DATA TO EXAMINE START

(* Let $n$ and $0<n_1<\cdots<n_d<n$ be integers with $m_1=n_1$, $m_k=n_k-n_{k-1}$ ($2\le k\le d$), $m_{d+1}=n-n_d$, and regard $\mathrm{Flag}(n_1,\dots,n_d;n)=\{(VJ_1V^{\mathsf T},\dots,VJ_{d+1}V^{\mathsf T}):V\in\mathrm{O}(n)\}$ as a submanifold of $(\mathbb{R}^{n\times n})^{d+1}$ with the Frobenius inner product. Let $V(t)$ be a differentiable curve in $\mathrm{O}(n)$ with $\Lambda(t)=V(t)^{\mathsf T}\dot V(t)$, $\Lambda(k,k)\equiv0$ ($k=1,\dots,d+1$), $c(t)=V(t)(J_1,\dots,J_{d+1})V(t)^{\mathsf T}$, and let $X(t)\in\mathfrak{so}(n)$ be differentiable with $X(k,k)\equiv0$. Define \begin{align*} T_1(t)&=V(t)\big(\dot XJ_k-J_k\dot X\big)_{k=1}^{d+1}V(t)^{\mathsf T},\\ T_2(t)&=V(t)\big(\Lambda XJ_k+J_kX\Lambda\big)_{k=1}^{d+1}V(t)^{\mathsf T},\\ T_3(t)&=V(t)\big(\Lambda J_kX+XJ_k\Lambda\big)_{k=1}^{d+1}V(t)^{\mathsf T}. \end{align*} Then (1) $T_1(t)\in\mathbb{T}_{c(t)}\mathrm{Flag}(n_1,\dots,n_d;n)$; (2) the orthogonal projection of $T_2(t)$ onto $\mathbb{T}_{c(t)}\mathrm{Flag}(n_1,\dots,n_d;n)$ is $V(t)(W_1(t),\dots,W_{d+1}(t))V(t)^{\mathsf T}$, where \[ W_k(p,q)=\begin{cases}\sum_{s=1}^{d+1}X(k,s)\Lambda(s,q)-\sum_{s=1}^{d+1}\Lambda(s,k)^{\mathsf T}X(q,s)^{\mathsf T}, & p=k,\ q\neq k,\\[2pt] \sum_{s=1}^{d+1}\Lambda(s,p)^{\mathsf T}X(k,s)^{\mathsf T}-\sum_{s=1}^{d+1}X(p,s)\Lambda(s,k), & q=k,\ p\neq k,\\[2pt] 0, & \text{otherwise};\end{cases} \] (3) the orthogonal projection of $T_3(t)$ onto $\mathbb{T}_{c(t)}\mathrm{Flag}(n_1,\dots,n_d;n)$ is zero.
   Context: $J_k=\operatorname{diag}(-I_{m_1},\dots,-I_{m_{k-1}},I_{m_k},-I_{m_{k+1}},\dots,-I_{m_{d+1}})$ for $k=1,\dots,d+1$. $V(M_k)_{k=1}^{d+1}V^{\mathsf T}$ denotes $(VM_1V^{\mathsf T},\dots,VM_{d+1}V^{\mathsf T})$. For an $n\times n$ matrix $M$, $M(p,q)$ denotes its $(p,q)$ block in the partition $n=m_1+\cdots+m_{d+1}$. *)

From mathcomp Require Import all_boot all_order all_algebra.
From mathcomp Require Import all_classical all_reals all_analysis.
Set Implicit Arguments. Unset Strict Implicit. Unset Printing Implicit Defensive.
Import Order.TTheory GRing.Theory Num.Theory.
Local Open Scope ring_scope.

Section FlagDefs.
Variable R : realType.

Definition mxderivable (m p : nat) (F : R -> 'M[R]_(m, p)) (t : R) : Prop :=
  forall i j, derivable (fun s => F s i j) t 1.
Definition mxderive (m p : nat) (F : R -> 'M[R]_(m, p)) (t : R) : 'M[R]_(m, p) :=
  \matrix_(i, j) derive1 (fun s => F s i j) t.

Definition is_orthogonal_mx (n : nat) (V : 'M[R]_n) : Prop := V^T *m V = 1%:M.
Definition is_skew_mx (n : nat) (X : 'M[R]_n) : Prop := X^T = - X.

Variables (n d : nat) (ns : nat -> nat).
(* ns 1 < ... < ns d are n_1 < ... < n_d.  Row/column index i (0-based) lies in
   block blk i (0-based, in 0..d): blocks are [0,n_1), [n_1,n_2), ..., [n_d,n). *)
Definition blk (i : nat) : nat := (\sum_(1 <= k < d.+1) (ns k <= i : nat))%N.

Definition Jmx (k : 'I_d.+1) : 'M[R]_n :=
  \matrix_(i, j) (if i == j then (if blk i == k then 1 else -1) else 0).

Definition mxtuple := 'I_d.+1 -> 'M[R]_n.

Definition flag_pt (c : mxtuple) : Prop :=
  exists V : 'M[R]_n, is_orthogonal_mx V /\ forall k, c k = V *m Jmx k *m V^T.

Definition tangent_flag (c : mxtuple) (T : mxtuple) : Prop :=
  exists gamma : R -> mxtuple,
    (forall s, flag_pt (gamma s)) /\ (forall k, gamma 0 k = c k) /\
    (forall k, mxderivable (fun s => gamma s k) 0) /\
    (forall k, mxderive (fun s => gamma s k) 0 = T k).

Definition frob (A B : mxtuple) : R := \sum_(k < d.+1) \tr ((A k)^T *m B k).

Definition is_orth_proj (S : mxtuple -> Prop) (T P : mxtuple) : Prop :=
  S P /\ forall Y, S Y -> frob (fun k => T k - P k) Y = 0.

Variables (V X : R -> 'M[R]_n).

Definition Lam (t : R) : 'M[R]_n := (V t)^T *m mxderive V t.
Definition cflag (t : R) : mxtuple := fun k => V t *m Jmx k *m (V t)^T.
Definition T1 (t : R) : mxtuple := fun k =>
  V t *m (mxderive X t *m Jmx k - Jmx k *m mxderive X t) *m (V t)^T.
Definition T2 (t : R) : mxtuple := fun k =>
  V t *m (Lam t *m X t *m Jmx k + Jmx k *m X t *m Lam t) *m (V t)^T.
Definition T3 (t : R) : mxtuple := fun k =>
  V t *m (Lam t *m Jmx k *m X t + X t *m Jmx k *m Lam t) *m (V t)^T.

(* W_k, entrywise: entry (i,j) lies in block (p,q) = (blk i, blk j);
   sum_s X(k,s) Lam(s,q) at (i,j) = sum_l X i l * Lam l j, and
   sum_s Lam(s,k)^T X(q,s)^T at (i,j) = sum_l Lam l i * X j l, etc. *)
Definition Wmx (t : R) (k : 'I_d.+1) : 'M[R]_n :=
  \matrix_(i, j)
    if (blk i == k) && (blk j != k) then
      \sum_(l < n) X t i l * Lam t l j - \sum_(l < n) Lam t l i * X t j l
    else if (blk j == k) && (blk i != k) then
      \sum_(l < n) Lam t l i * X t j l - \sum_(l < n) X t i l * Lam t l j
    else 0.
Definition Wt (t : R) : mxtuple := fun k => V t *m Wmx t k *m (V t)^T.

End FlagDefs.

Arguments Jmx {R n} d ns k.
Arguments flag_pt {R n} d ns c.
Arguments tangent_flag {R n} d ns c T.
Arguments cflag {R n} d ns V t _.
Arguments T1 {R n} d ns V X t _.
Arguments T2 {R n} d ns V X t _.
Arguments T3 {R n} d ns V X t _.
Arguments Wmx {R n} d ns V X t k.
Arguments Wt {R n} d ns V X t _.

DATA TO EXAMINE END

A bare number is required: the count of lines above with the string "mathcomp".

### YOUR RESPONSE
2